SDG 1 No Poverty

SDG 1 calls for an end to poverty in all its forms by the year 2030. Achieving this goal means seeing a reduction in the number of people living on less than $1.25 USD per day. The more people earn, the more they can spend on their basic needs. One of the ways the UN hopes to do this is by implementing social protection systems at the national level to support the poor and vulnerable. That is no easy task, especially given that not everyone experiences poverty the same way. “Of all the provinces, Saskatchewan has the second-highest percentage of children living in poverty. For total numbers including adults, the province is third overall at 26.2 per cent.” So while poverty is certainly defined differently globally, it is important for USask graduates to be empowered to act locally as well.

You might be able to align to this SDG if you want your learners to be able to:

  • understand the concepts of relative and absolute poverty, while critically reflecting on their underlying cultural assumptions and practices.
  • be aware of the local, national and international distribution of poverty and wealth, as well as a collection of poverty reduction strategies.
  • collaborate with others to empower individuals and communities to affect change, raise awareness and encourage dialogue and solutions regarding poverty.
  • evaluate, participate and propose solutions to systemic problems related to poverty.

Some curricular connections and questions for students might be:

Media – How does the media present poverty? Locally? Nationally? Internationally?

Oppression and genocide – How is poverty a form of oppression?

Consumerism – Do our consumer habits impact the lives of others? If yes, how?

Health and biotechnology – What are the impacts of poverty on a person’s health?
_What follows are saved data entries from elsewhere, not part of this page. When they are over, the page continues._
(* Let $\mathcal L$ be a linearly ordered non-discrete MV-algebra and let $\mathcal F,\mathcal G$ be filters (in the sense below). Then $\mathcal F\sqsubseteq\!\!\to\mathcal G=\{1\}$ if and only if either $\mathcal G\subseteq\mathcal F$, or there is $g\in L$ with $\mathcal G=[g,1]$ and $\mathcal F=\,]g,1]$.
   Context: $\mathcal L=(L,\oplus,\lnot,0)$ is a linearly ordered MV-algebra. We write $1=\lnot0$ and $x\to y=\lnot x\oplus y$. Non-discrete means no element has an immediate successor or an immediate predecessor. A ''filter'' means a nonempty proper upward-closed subset $\mathcal F$ of $L$ with kernel $\mathcal K(\mathcal F)=\{z:\forall a\notin\mathcal F,\ z\to a\notin\mathcal F\}=\{1\}$. We write $[g,1]=\{x:x\ge g\}$ and $]g,1]=\{x:x>g\}$. For upward-closed $\mathcal F$ and $a\in L$, let $\mathcal F_a=\{z:z\to a\notin\mathcal F\}$. For $\mathcal F\subseteq\mathcal G$ we put $\mathcal F\sqsubseteq\!\!\to\mathcal G=\bigcap_{a\in L\setminus\mathcal G}\mathcal F_a$, and in general $\mathcal F\sqsubseteq\!\!\to\mathcal G:=(\mathcal F\cap\mathcal G)\sqsubseteq\!\!\to\mathcal G$. *)

Set Implicit Arguments.

Record MVAlgebra := {
  mv_car :> Type;
  mv_oplus : mv_car -> mv_car -> mv_car;
  mv_neg : mv_car -> mv_car;
  mv_zero : mv_car;
  mv_assoc : forall x y z, mv_oplus x (mv_oplus y z) = mv_oplus (mv_oplus x y) z;
  mv_comm : forall x y, mv_oplus x y = mv_oplus y x;
  mv_zero_r : forall x, mv_oplus x mv_zero = x;
  mv_negneg : forall x, mv_neg (mv_neg x) = x;
  mv_one_abs : forall x, mv_oplus x (mv_neg mv_zero) = mv_neg mv_zero;
  mv_luk : forall x y,
    mv_oplus (mv_neg (mv_oplus (mv_neg x) y)) y
    = mv_oplus (mv_neg (mv_oplus (mv_neg y) x)) x
}.

Section MVDefs.
Variable L : MVAlgebra.

Definition mv_one : L := mv_neg L (mv_zero L).
Definition mv_imp (x y : L) : L := mv_oplus L (mv_neg L x) y.
Definition mv_le (x y : L) : Prop := mv_imp x y = mv_one.
Definition mv_lt (x y : L) : Prop := mv_le x y /\ x <> y.

Definition linearly_ordered : Prop := forall x y : L, mv_le x y \/ mv_le y x.

Definition imm_succ (y x : L) : Prop :=
  mv_lt x y /\ ~ (exists z, mv_lt x z /\ mv_lt z y).
Definition imm_pred (y x : L) : Prop :=
  mv_lt y x /\ ~ (exists z, mv_lt y z /\ mv_lt z x).

Definition non_discrete : Prop :=
  forall x : L, ~ (exists y, imm_succ y x) /\ ~ (exists y, imm_pred y x).

Definition upward_closed (F : L -> Prop) : Prop :=
  forall x y, F x -> mv_le x y -> F y.

Definition kernel (F : L -> Prop) (z : L) : Prop :=
  forall a, ~ F a -> ~ F (mv_imp z a).

Definition is_filter (F : L -> Prop) : Prop :=
  (exists x, F x) /\ (exists x, ~ F x) /\ upward_closed F /\
  (forall z, kernel F z <-> z = mv_one).

Definition F_sub (F : L -> Prop) (a : L) (z : L) : Prop := ~ F (mv_imp z a).

(* for F subset of G: intersection over a notin G of F_a *)
Definition sub_arrow_aux (F G : L -> Prop) (z : L) : Prop :=
  forall a, ~ G a -> F_sub F a z.

(* general case: F [=-> G := (F cap G) [=-> G *)
Definition sub_arrow (F G : L -> Prop) : L -> Prop :=
  sub_arrow_aux (fun x => F x /\ G x) G.

End MVDefs.

Arguments mv_one {L}.
Arguments mv_imp {L}.
Arguments mv_le {L}.
Arguments mv_lt {L}.
Arguments upward_closed {L}.
Arguments kernel {L}.
Arguments is_filter {L}.
Arguments F_sub {L}.
Arguments sub_arrow_aux {L}.
Arguments sub_arrow {L}.

(* Both directions are about the "gap" G \ F.
   - (=>) If c -> b lies in F [=-> G for any b <= c in G \ F (a step that only
     uses linearity and upward closure), then c -> b = 1, so c <= b: the gap
     contains at most one point g, and then G = [g,1], F = ]g,1].
   - (<=) The unit 1 always lies in F [=-> G.  Conversely we show that every
     z in F [=-> G lies in the kernel K(G) = {1}.  If G is contained in F this
     is immediate.  If G = [g,1], F = ]g,1] and some a outside G had z -> a in
     G, then z -> a = g; density gives a < m < g with also z -> m = g, and
     since z -> _ is injective below z (x = z (.) (z -> x) for x <= z) we
     would get a = m.
   The file first develops the needed MV-algebra identities, then the order
   facts about upward closed sets, then the two directions. *)

From Stdlib Require Import Classical.

Section MVArithmetic.
Variable L : MVAlgebra.
Local Notation oplus := (mv_oplus L).
Local Notation neg := (mv_neg L).
Local Notation zero := (mv_zero L).

Lemma neg_one : neg mv_one = zero.
Proof. apply mv_negneg. Qed.

Lemma oplus_zero_l (x : L) : oplus zero x = x.
Proof. rewrite mv_comm; apply mv_zero_r. Qed.

Lemma oplus_one_r (x : L) : oplus x mv_one = mv_one.
Proof. apply mv_one_abs. Qed.

Lemma oplus_one_l (x : L) : oplus mv_one x = mv_one.
Proof. rewrite mv_comm; apply oplus_one_r. Qed.

(* not x (+) x = 1, i.e. x -> x = 1: an instance of axiom MV6 with y = 1. *)
Lemma oplus_neg_self (x : L) : oplus (neg x) x = mv_one.
Proof.
  pose proof (mv_luk L x mv_one) as H.
  rewrite oplus_one_r, neg_one, oplus_zero_l in H.
  symmetry; exact H.
Qed.

Lemma le_refl (x : L) : mv_le x x.
Proof. apply oplus_neg_self. Qed.

Lemma imp_one_l (a : L) : mv_imp mv_one a = a.
Proof. unfold mv_imp; rewrite neg_one; apply oplus_zero_l. Qed.

Lemma one_le_eq (x : L) : mv_le mv_one x -> x = mv_one.
Proof. unfold mv_le; rewrite imp_one_l; trivial. Qed.

Lemma join_le (b c : L) : mv_le b c -> oplus (neg (mv_imp c b)) b = c.
Proof.
  intro H. unfold mv_le, mv_imp in *.
  rewrite mv_luk, H, neg_one, oplus_zero_l. reflexivity.
Qed.

Lemma meet_le (x y : L) : mv_le y x -> neg (oplus (neg x) (neg (mv_imp x y))) = y.
Proof.
  intro H. pose proof (mv_luk L (neg y) (neg x)) as E.
  rewrite !mv_negneg in E. unfold mv_le, mv_imp in *.
  rewrite (mv_comm L x (neg y)), H, neg_one, oplus_zero_l in E.
  rewrite (mv_comm L y (neg x)), (mv_comm L (neg _) (neg x)) in E.
  rewrite E, mv_negneg. reflexivity.
Qed.

Lemma le_antisym (a b : L) : mv_le a b -> mv_le b a -> a = b.
Proof.
  intros Hab Hba. pose proof (meet_le b a Hab) as E.
  rewrite Hba, neg_one, mv_zero_r, mv_negneg in E.
  symmetry; exact E.
Qed.

Lemma oplus_mono_r (x a b : L) : mv_le a b -> mv_le (oplus x a) (oplus x b).
Proof.
  intro H. rewrite <- (join_le a b H).
  set (w := neg (mv_imp b a)). unfold mv_le, mv_imp.
  rewrite (mv_comm L w a), (mv_assoc L x a w), mv_assoc, oplus_neg_self, oplus_one_l.
  reflexivity.
Qed.

Lemma imp_mono_r (z a b : L) : mv_le a b -> mv_le (mv_imp z a) (mv_imp z b).
Proof. apply oplus_mono_r. Qed.

(* z -> _ is injective on the elements below z, since x = z (.) (z -> x). *)
Lemma imp_inj_below (z a b : L) :
  mv_le a z -> mv_le b z -> mv_imp z a = mv_imp z b -> a = b.
Proof.
  intros Ha Hb E. rewrite <- (meet_le z a Ha), <- (meet_le z b Hb), E.
  reflexivity.
Qed.

End MVArithmetic.

Section LinearOrder.
Context {L : MVAlgebra}.
Hypothesis Hlin : linearly_ordered L.

Lemma le_of_out_in (G : L -> Prop) (a b : L) :
  upward_closed G -> ~ G a -> G b -> mv_le a b.
Proof.
  intros UG nGa Gb. destruct (Hlin a b) as [ab | ba]; [exact ab |].
  exfalso; exact (nGa (UG b a Gb ba)).
Qed.

Lemma le_of_imp_ne_one (z a : L) : mv_imp z a <> mv_one -> mv_le a z.
Proof.
  intro Hne. destruct (Hlin a z) as [az | za]; [exact az |].
  exfalso; exact (Hne za).
Qed.

End LinearOrder.

Lemma dense_of_non_discrete {L : MVAlgebra} (a b : L) :
  non_discrete L -> mv_lt a b -> exists m, mv_lt a m /\ mv_lt m b.
Proof.
  intros Hnd ab. apply NNPP; intro Hno.
  apply (proj2 (Hnd b)). exists a. split; assumption.
Qed.

Section SubArrow.
Context {L : MVAlgebra}.
Hypothesis Hlin : linearly_ordered L.
Context {F G : L -> Prop}.
Hypothesis UF : upward_closed F.
Hypothesis UG : upward_closed G.

Lemma sub_arrow_one : sub_arrow F G mv_one.
Proof. intros a nGa [_ Ga]. rewrite imp_one_l in Ga. exact (nGa Ga). Qed.

(* For b <= c in the gap G \ F, the element c -> b belongs to F [=-> G:
   with z = c -> b, every a outside G is below b, so z -> a <= z -> b = c
   and z -> a is not in F. *)
Lemma gap_imp_sub_arrow (b c : L) :
  G b -> ~ F c -> mv_le b c -> sub_arrow F G (mv_imp c b).
Proof.
  intros Gb nFc bc a nGa [Fa _]. apply nFc, (UF _ c Fa).
  rewrite <- (join_le L b c bc) at 2.
  apply oplus_mono_r, (le_of_out_in Hlin G a b UG nGa Gb).
Qed.

Lemma gap_subsingleton :
  (forall z, sub_arrow F G z -> z = mv_one) ->
  forall b c, G b -> ~ F b -> G c -> ~ F c -> b = c.
Proof.
  intros Htriv.
  assert (Hle : forall b c, G b -> ~ F c -> mv_le b c -> ~ F b -> b = c).
  { intros b c Gb nFc bc nFb. apply le_antisym; [exact bc |].
    exact (Htriv _ (gap_imp_sub_arrow b c Gb nFc bc)). }
  intros b c Gb nFb Gc nFc. destruct (Hlin b c) as [bc | cb].
  - exact (Hle b c Gb nFc bc nFb).
  - symmetry; exact (Hle c b Gc nFb cb nFc).
Qed.

Lemma gap_point_shape (g : L) :
  G g -> ~ F g -> (forall y, G y -> ~ F y -> y = g) ->
  (forall x, G x <-> mv_le g x) /\ (forall x, F x <-> mv_lt g x).
Proof.
  intros Gg nFg Hgap.
  assert (Fle : forall x, F x -> mv_le g x) by (intros x; apply (le_of_out_in Hlin F g x UF nFg)).
  split; intro x; split.
  - intro Gx. destruct (classic (F x)) as [Fx | nFx]; [exact (Fle x Fx) |].
    rewrite (Hgap x Gx nFx). apply le_refl.
  - intro gx. exact (UG g x Gg gx).
  - intro Fx. split; [exact (Fle x Fx) |]. intro e; subst x; exact (nFg Fx).
  - intros [gx ne]. apply NNPP; intro nFx.
    exact (ne (eq_sym (Hgap x (UG g x Gg gx) nFx))).
Qed.

Lemma sub_arrow_kernel_of_incl (z : L) :
  (forall x, G x -> F x) -> sub_arrow F G z -> kernel G z.
Proof. intros Hsub Hz a nGa Ga. exact (Hz a nGa (conj (Hsub _ Ga) Ga)). Qed.

Section GapPoint.
Variable g : L.
Hypothesis HGg : forall x, G x <-> mv_le g x.
Hypothesis HFg : forall x, F x <-> mv_lt g x.

Lemma gap_point_unique (y : L) : G y -> ~ F y -> y = g.
Proof.
  intros Gy nFy. apply NNPP; intro ne. apply nFy, HFg.
  split; [apply HGg; exact Gy | intro e; exact (ne (eq_sym e))].
Qed.

Lemma sub_arrow_imp_gap (z a : L) :
  sub_arrow F G z -> ~ G a -> G (mv_imp z a) -> mv_imp z a = g.
Proof.
  intros Hz nGa Ga. apply gap_point_unique; [exact Ga |].
  intro Fa. exact (Hz a nGa (conj Fa Ga)).
Qed.

Lemma sub_arrow_kernel_of_gap (z : L) :
  non_discrete L -> (exists x, F x) -> sub_arrow F G z -> kernel G z.
Proof.
  intros Hnd [f Ff] Hz a nGa Ga.
  assert (Gg : G g) by (apply HGg, le_refl).
  assert (g_ne_one : g <> mv_one).
  { intro e. apply HFg in Ff. destruct Ff as [gf ne].
    rewrite e in gf, ne. exact (ne (eq_sym (one_le_eq L f gf))). }
  assert (a_lt_g : mv_lt a g).
  { split; [exact (le_of_out_in Hlin G a g UG nGa Gg) |].
    intro e; subst a; exact (nGa Gg). }
  destruct (dense_of_non_discrete a g Hnd a_lt_g) as [m [[am a_ne_m] [mg m_ne_g]]].
  assert (nGm : ~ G m) by (intro Gm; exact (m_ne_g (le_antisym L m g mg (proj1 (HGg m) Gm)))).
  assert (za : mv_imp z a = g) by exact (sub_arrow_imp_gap z a Hz nGa Ga).
  assert (zm : mv_imp z m = g).
  { apply (sub_arrow_imp_gap z m Hz nGm).
    exact (UG _ _ Ga (imp_mono_r L z a m am)). }
  apply a_ne_m, (imp_inj_below L z).
  - apply (le_of_imp_ne_one Hlin); rewrite za; exact g_ne_one.
  - apply (le_of_imp_ne_one Hlin); rewrite zm; exact g_ne_one.
  - rewrite za, zm; reflexivity.
Qed.

End GapPoint.
End SubArrow.

Theorem mainTheorem16 (L : MVAlgebra)
  (Hlin : linearly_ordered L) (Hnd : non_discrete L)
  (F G : L -> Prop) (HF : is_filter F) (HG : is_filter G) :
  (forall z, sub_arrow F G z <-> z = mv_one) <->
  ((forall x, G x -> F x) \/
   (exists g : L, (forall x, G x <-> mv_le g x) /\ (forall x, F x <-> mv_lt g x))).
Proof.
  destruct HF as [F_nonempty [_ [UF _]]].
  destruct HG as [_ [_ [UG KG]]].
  split.
  - intro Htriv.
    destruct (classic (forall x, G x -> F x)) as [Hsub | Hnsub]; [left; exact Hsub | right].
    destruct (not_all_ex_not _ _ Hnsub) as [g Hg].
    destruct (imply_to_and _ _ Hg) as [Gg nFg].
    exists g. apply (gap_point_shape Hlin UF UG g Gg nFg).
    intros y Gy nFy.
    exact (gap_subsingleton Hlin UF UG (fun z => proj1 (Htriv z)) y g Gy nFy Gg nFg).
  - intros Hcase z. split.
    + intro Hz. apply KG. destruct Hcase as [Hsub | [g [HGg HFg]]].
      * exact (sub_arrow_kernel_of_incl z Hsub Hz).
      * exact (sub_arrow_kernel_of_gap Hlin UG g HGg HFg z Hnd F_nonempty Hz).
    + intro e; subst z. exact sub_arrow_one.
Qed.
(* Let $\langle\eta\rangle:=B_1/(\xi_L,\xi)$, where $B_1=\langle\eta,\xi,\xi_L\rangle$. Then $HH^n_{(1-n)}(B,\langle\eta\rangle)\cong k$ for $n\in\{1,2\}$ and $0$ otherwise; $HH^n_{(2-n)}(B,\langle\eta\rangle)\cong k$ for $n\in\{5,6\}$ and $0$ otherwise; $HH^n_{(3-n)}(B,\langle\eta\rangle)\cong k$ for $n\in\{9,10\}$ and $0$ otherwise; $HH^n_{(4-n)}(B,\langle\eta\rangle)\cong k$ for $n\in\{13,14\}$ and $0$ otherwise.
   Context: Let $k$ be a field with $\operatorname{char}k\neq2,3$. Let $B$ be the graded $k$-algebra with $k$-basis $\mathrm{id}_L,\mathrm{id}_{\mathcal O},\theta$ (degree $0$) and $\eta,\xi,\xi_L$ (degree $1$), whose only nonzero products of basis elements are $\mathrm{id}_L\mathrm{id}_L=\mathrm{id}_L$, $\mathrm{id}_{\mathcal O}\mathrm{id}_{\mathcal O}=\mathrm{id}_{\mathcal O}$, $\mathrm{id}_L\xi_L=\xi_L\mathrm{id}_L=\xi_L$, $\mathrm{id}_{\mathcal O}\xi=\xi\mathrm{id}_{\mathcal O}=\xi$, $\mathrm{id}_L\eta=\eta\,\mathrm{id}_{\mathcal O}=\eta$, $\mathrm{id}_{\mathcal O}\theta=\theta\,\mathrm{id}_L=\theta$, $\theta\eta=\xi$, $\eta\theta=\xi_L$. Let $R=k\langle\mathrm{id}_L,\mathrm{id}_{\mathcal O}\rangle$, $B_+=\langle\theta,\eta,\xi,\xi_L\rangle$, $B=R\oplus B_+$; tensor products are over $R$. $B_1=\langle\eta,\xi,\xi_L\rangle$ and $(\xi_L,\xi)=\langle\xi_L,\xi\rangle$ are sub-bimodules of $B$. For a graded $B$-bimodule $M$, the reduced Hochschild complex is $C^n(B,M)=\operatorname{Hom}_{R\text{-}R}(B_+^{\otimes_R n},M)$ with $\delta(\phi)(a_0,\dots,a_n)=a_0\phi(a_1,\dots,a_n)+\sum_{i=1}^n(-1)^i\phi(a_0,\dots,a_{i-1}a_i,\dots,a_n)+(-1)^{n+1}\phi(a_0,\dots,a_{n-1})a_n$; $HH^n_{(m)}(B,M)$ is the cohomology of the subcomplex of cochains homogeneous of internal degree $m$ ($\deg\phi(x)=\deg x+m$). *)

From HB Require Import structures.
From mathcomp Require Import all_boot all_order all_algebra.
Set Implicit Arguments. Unset Strict Implicit. Unset Printing Implicit Defensive.
Import Order.TTheory GRing.Theory Num.Theory.
Local Open Scope ring_scope.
Environment – How do environmental concerns like climate change impact poverty?

Gender politics – How does gender impact a person’s experience with poverty?

Poverty, wealth and power – How does access to power and wealth relate to poverty?

Social justice and human rights – What can we do to support people in poverty? Locally? Nationally? Internationally?

Indigenous peoples – In what ways do Indigenous people experience poverty uniquely?

Peace and conflict – What can be done to resolve poverty at different system levels?

You might consider having your students reflect, share, act in some of these ways:

Help students research a local effort to reduce poverty: foodbanks, school food programs, homeless shelters, local charities or the United Way. Have students contribute time to supporting and complete a reflection of their experiences. What did they notice? What do they wonder? How did the experience change their knowledge, skills, or attitudes?

Ask students to use global data on poverty such as World Poverty Map  to describe nuances between different countries. This might be about policy, practices, cultural norms, historical contexts, or other factors.

Design solutions for Canada’s poverty concerns by reviewing Canada Without Poverty. Have students identify problems and design solutions within specific parameters.